■ **GIVEN ENTRIES**:
=====

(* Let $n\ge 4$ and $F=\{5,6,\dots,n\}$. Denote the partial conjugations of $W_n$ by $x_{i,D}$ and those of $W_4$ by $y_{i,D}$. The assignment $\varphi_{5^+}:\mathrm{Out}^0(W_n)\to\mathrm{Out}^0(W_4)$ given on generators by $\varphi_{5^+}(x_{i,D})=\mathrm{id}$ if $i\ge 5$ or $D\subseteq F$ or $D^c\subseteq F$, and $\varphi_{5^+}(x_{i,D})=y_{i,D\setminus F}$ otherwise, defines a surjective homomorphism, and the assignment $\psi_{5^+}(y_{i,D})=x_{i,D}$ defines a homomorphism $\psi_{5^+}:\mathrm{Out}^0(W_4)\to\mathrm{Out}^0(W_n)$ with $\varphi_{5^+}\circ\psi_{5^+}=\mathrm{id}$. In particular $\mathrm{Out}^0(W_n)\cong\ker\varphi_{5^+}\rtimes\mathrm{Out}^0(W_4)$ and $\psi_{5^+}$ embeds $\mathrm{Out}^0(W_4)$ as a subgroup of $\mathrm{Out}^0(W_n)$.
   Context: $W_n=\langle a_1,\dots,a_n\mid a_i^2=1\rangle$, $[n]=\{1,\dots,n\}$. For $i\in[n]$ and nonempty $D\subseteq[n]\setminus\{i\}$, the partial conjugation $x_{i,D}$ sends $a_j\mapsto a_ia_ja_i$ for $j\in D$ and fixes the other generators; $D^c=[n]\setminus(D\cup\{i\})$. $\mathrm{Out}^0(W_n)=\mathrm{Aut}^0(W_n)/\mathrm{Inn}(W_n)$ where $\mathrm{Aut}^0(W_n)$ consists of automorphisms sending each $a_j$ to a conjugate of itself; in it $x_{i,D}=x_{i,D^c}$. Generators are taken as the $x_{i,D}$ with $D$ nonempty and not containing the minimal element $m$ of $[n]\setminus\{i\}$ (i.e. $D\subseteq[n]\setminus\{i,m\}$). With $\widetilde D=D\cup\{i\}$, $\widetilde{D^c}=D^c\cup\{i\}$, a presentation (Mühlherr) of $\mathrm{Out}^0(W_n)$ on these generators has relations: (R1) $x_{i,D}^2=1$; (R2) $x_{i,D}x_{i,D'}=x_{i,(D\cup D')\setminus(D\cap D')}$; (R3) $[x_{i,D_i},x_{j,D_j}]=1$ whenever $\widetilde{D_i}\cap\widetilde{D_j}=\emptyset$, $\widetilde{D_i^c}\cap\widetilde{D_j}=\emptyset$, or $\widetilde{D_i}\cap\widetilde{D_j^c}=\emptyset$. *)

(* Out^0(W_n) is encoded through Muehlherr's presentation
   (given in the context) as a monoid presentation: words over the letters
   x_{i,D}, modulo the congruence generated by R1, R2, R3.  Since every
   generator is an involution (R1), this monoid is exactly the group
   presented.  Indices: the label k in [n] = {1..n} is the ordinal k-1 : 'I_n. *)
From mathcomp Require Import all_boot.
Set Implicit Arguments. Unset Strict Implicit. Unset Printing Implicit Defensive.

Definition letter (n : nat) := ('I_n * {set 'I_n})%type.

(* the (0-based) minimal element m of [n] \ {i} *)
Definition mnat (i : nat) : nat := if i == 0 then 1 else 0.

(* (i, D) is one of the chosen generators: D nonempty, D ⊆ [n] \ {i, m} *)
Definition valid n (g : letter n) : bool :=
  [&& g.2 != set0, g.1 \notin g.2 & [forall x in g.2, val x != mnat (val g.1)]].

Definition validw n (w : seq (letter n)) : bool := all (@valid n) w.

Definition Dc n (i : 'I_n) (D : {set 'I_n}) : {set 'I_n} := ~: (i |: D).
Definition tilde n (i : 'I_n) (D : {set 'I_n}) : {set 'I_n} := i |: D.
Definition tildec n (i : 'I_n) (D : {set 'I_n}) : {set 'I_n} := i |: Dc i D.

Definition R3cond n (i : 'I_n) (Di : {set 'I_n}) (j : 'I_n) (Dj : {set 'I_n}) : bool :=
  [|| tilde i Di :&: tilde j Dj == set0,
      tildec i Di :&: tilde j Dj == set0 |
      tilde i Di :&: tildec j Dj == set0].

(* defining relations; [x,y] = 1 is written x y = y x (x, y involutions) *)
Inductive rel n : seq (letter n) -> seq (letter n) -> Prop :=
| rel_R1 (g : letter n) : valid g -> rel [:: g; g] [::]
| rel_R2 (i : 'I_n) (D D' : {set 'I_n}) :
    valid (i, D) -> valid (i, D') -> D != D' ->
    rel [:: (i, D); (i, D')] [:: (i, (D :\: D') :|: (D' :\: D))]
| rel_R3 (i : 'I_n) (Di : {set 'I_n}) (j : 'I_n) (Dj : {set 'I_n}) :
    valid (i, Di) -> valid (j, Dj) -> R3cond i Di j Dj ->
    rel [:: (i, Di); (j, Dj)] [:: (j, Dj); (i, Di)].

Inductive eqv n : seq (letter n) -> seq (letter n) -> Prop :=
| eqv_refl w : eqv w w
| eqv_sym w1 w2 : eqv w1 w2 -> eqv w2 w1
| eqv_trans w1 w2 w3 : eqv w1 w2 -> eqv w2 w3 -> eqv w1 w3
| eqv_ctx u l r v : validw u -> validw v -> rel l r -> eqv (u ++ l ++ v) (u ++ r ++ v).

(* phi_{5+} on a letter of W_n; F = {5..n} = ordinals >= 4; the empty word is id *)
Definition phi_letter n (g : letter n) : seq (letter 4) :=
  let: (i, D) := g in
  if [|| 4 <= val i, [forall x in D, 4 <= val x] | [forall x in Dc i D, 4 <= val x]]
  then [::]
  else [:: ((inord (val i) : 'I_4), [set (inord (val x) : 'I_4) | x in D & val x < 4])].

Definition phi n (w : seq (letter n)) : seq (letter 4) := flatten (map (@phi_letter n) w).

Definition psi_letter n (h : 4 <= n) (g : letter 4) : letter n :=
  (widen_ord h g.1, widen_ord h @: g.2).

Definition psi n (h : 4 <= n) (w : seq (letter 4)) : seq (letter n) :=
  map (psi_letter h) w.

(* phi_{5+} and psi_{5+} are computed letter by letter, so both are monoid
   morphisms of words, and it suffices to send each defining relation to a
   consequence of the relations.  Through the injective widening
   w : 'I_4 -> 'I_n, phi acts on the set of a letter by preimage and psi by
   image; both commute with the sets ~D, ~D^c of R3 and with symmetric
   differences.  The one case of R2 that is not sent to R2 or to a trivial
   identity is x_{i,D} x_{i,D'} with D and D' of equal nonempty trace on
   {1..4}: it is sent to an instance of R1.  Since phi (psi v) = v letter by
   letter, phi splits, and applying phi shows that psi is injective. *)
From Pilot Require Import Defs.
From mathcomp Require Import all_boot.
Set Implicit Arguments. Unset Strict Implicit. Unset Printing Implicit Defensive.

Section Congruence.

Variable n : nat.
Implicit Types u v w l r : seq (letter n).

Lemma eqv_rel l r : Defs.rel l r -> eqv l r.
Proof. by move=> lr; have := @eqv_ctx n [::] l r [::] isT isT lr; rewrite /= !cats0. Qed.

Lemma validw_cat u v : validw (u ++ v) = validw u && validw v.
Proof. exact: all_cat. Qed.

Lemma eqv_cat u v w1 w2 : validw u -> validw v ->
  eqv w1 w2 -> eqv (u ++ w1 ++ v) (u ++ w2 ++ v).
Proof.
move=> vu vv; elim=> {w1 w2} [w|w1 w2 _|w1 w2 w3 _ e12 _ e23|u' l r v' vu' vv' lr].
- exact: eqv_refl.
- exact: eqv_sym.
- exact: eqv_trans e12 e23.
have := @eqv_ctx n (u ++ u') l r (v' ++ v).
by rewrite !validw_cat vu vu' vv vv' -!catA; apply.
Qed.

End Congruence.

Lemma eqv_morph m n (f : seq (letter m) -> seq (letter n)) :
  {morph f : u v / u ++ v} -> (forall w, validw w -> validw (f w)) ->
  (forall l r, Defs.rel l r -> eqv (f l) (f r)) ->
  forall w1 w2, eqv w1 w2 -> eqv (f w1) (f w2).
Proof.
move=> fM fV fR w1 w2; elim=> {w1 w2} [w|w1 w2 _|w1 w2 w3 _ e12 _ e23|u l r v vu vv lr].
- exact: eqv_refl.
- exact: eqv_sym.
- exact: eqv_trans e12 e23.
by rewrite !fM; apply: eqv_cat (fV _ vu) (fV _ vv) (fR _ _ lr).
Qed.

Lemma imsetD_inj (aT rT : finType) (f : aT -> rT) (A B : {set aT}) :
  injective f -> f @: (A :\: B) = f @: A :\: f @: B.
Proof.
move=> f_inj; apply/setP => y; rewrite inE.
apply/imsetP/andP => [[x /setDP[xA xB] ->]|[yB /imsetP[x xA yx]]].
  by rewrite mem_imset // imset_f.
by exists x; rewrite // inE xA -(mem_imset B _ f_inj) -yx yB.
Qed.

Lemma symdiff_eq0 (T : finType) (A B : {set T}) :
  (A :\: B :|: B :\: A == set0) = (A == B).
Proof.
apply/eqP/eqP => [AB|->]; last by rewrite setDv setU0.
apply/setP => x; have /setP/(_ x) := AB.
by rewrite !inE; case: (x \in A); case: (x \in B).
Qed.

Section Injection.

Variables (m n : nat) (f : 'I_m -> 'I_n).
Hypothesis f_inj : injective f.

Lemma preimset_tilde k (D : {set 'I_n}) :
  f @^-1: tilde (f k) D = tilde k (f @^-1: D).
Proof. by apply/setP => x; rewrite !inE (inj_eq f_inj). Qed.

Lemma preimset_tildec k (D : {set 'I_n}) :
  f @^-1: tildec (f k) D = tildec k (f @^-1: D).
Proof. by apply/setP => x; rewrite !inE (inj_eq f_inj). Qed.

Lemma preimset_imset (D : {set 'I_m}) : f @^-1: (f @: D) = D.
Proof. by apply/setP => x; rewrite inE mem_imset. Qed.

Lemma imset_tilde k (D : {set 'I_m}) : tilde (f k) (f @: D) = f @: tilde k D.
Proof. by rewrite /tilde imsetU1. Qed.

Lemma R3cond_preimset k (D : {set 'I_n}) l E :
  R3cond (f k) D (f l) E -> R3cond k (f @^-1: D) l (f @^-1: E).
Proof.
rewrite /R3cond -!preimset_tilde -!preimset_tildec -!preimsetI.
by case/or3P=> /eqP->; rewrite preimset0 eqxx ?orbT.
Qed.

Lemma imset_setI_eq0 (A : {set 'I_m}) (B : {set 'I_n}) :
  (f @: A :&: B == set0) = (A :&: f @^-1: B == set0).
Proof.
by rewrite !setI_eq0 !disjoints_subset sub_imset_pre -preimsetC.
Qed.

=====

Your task is to retype the entries verbatim, starting with the line that holds "Definition psi_letter n" and stopping after the line that holds "image; both commute".

Definition psi_letter n (h : 4 <= n) (g : letter 4) : letter n :=
  (widen_ord h g.1, widen_ord h @: g.2).

Definition psi n (h : 4 <= n) (w : seq (letter 4)) : seq (letter n) :=
  map (psi_letter h) w.

(* phi_{5+} and psi_{5+} are computed letter by letter, so both are monoid
   morphisms of words, and it suffices to send each defining relation to a
   consequence of the relations.  Through the injective widening
   w : 'I_4 -> 'I_n, phi acts on the set of a letter by preimage and psi by
   image; both commute with the sets ~D, ~D^c of R3 and with symmetric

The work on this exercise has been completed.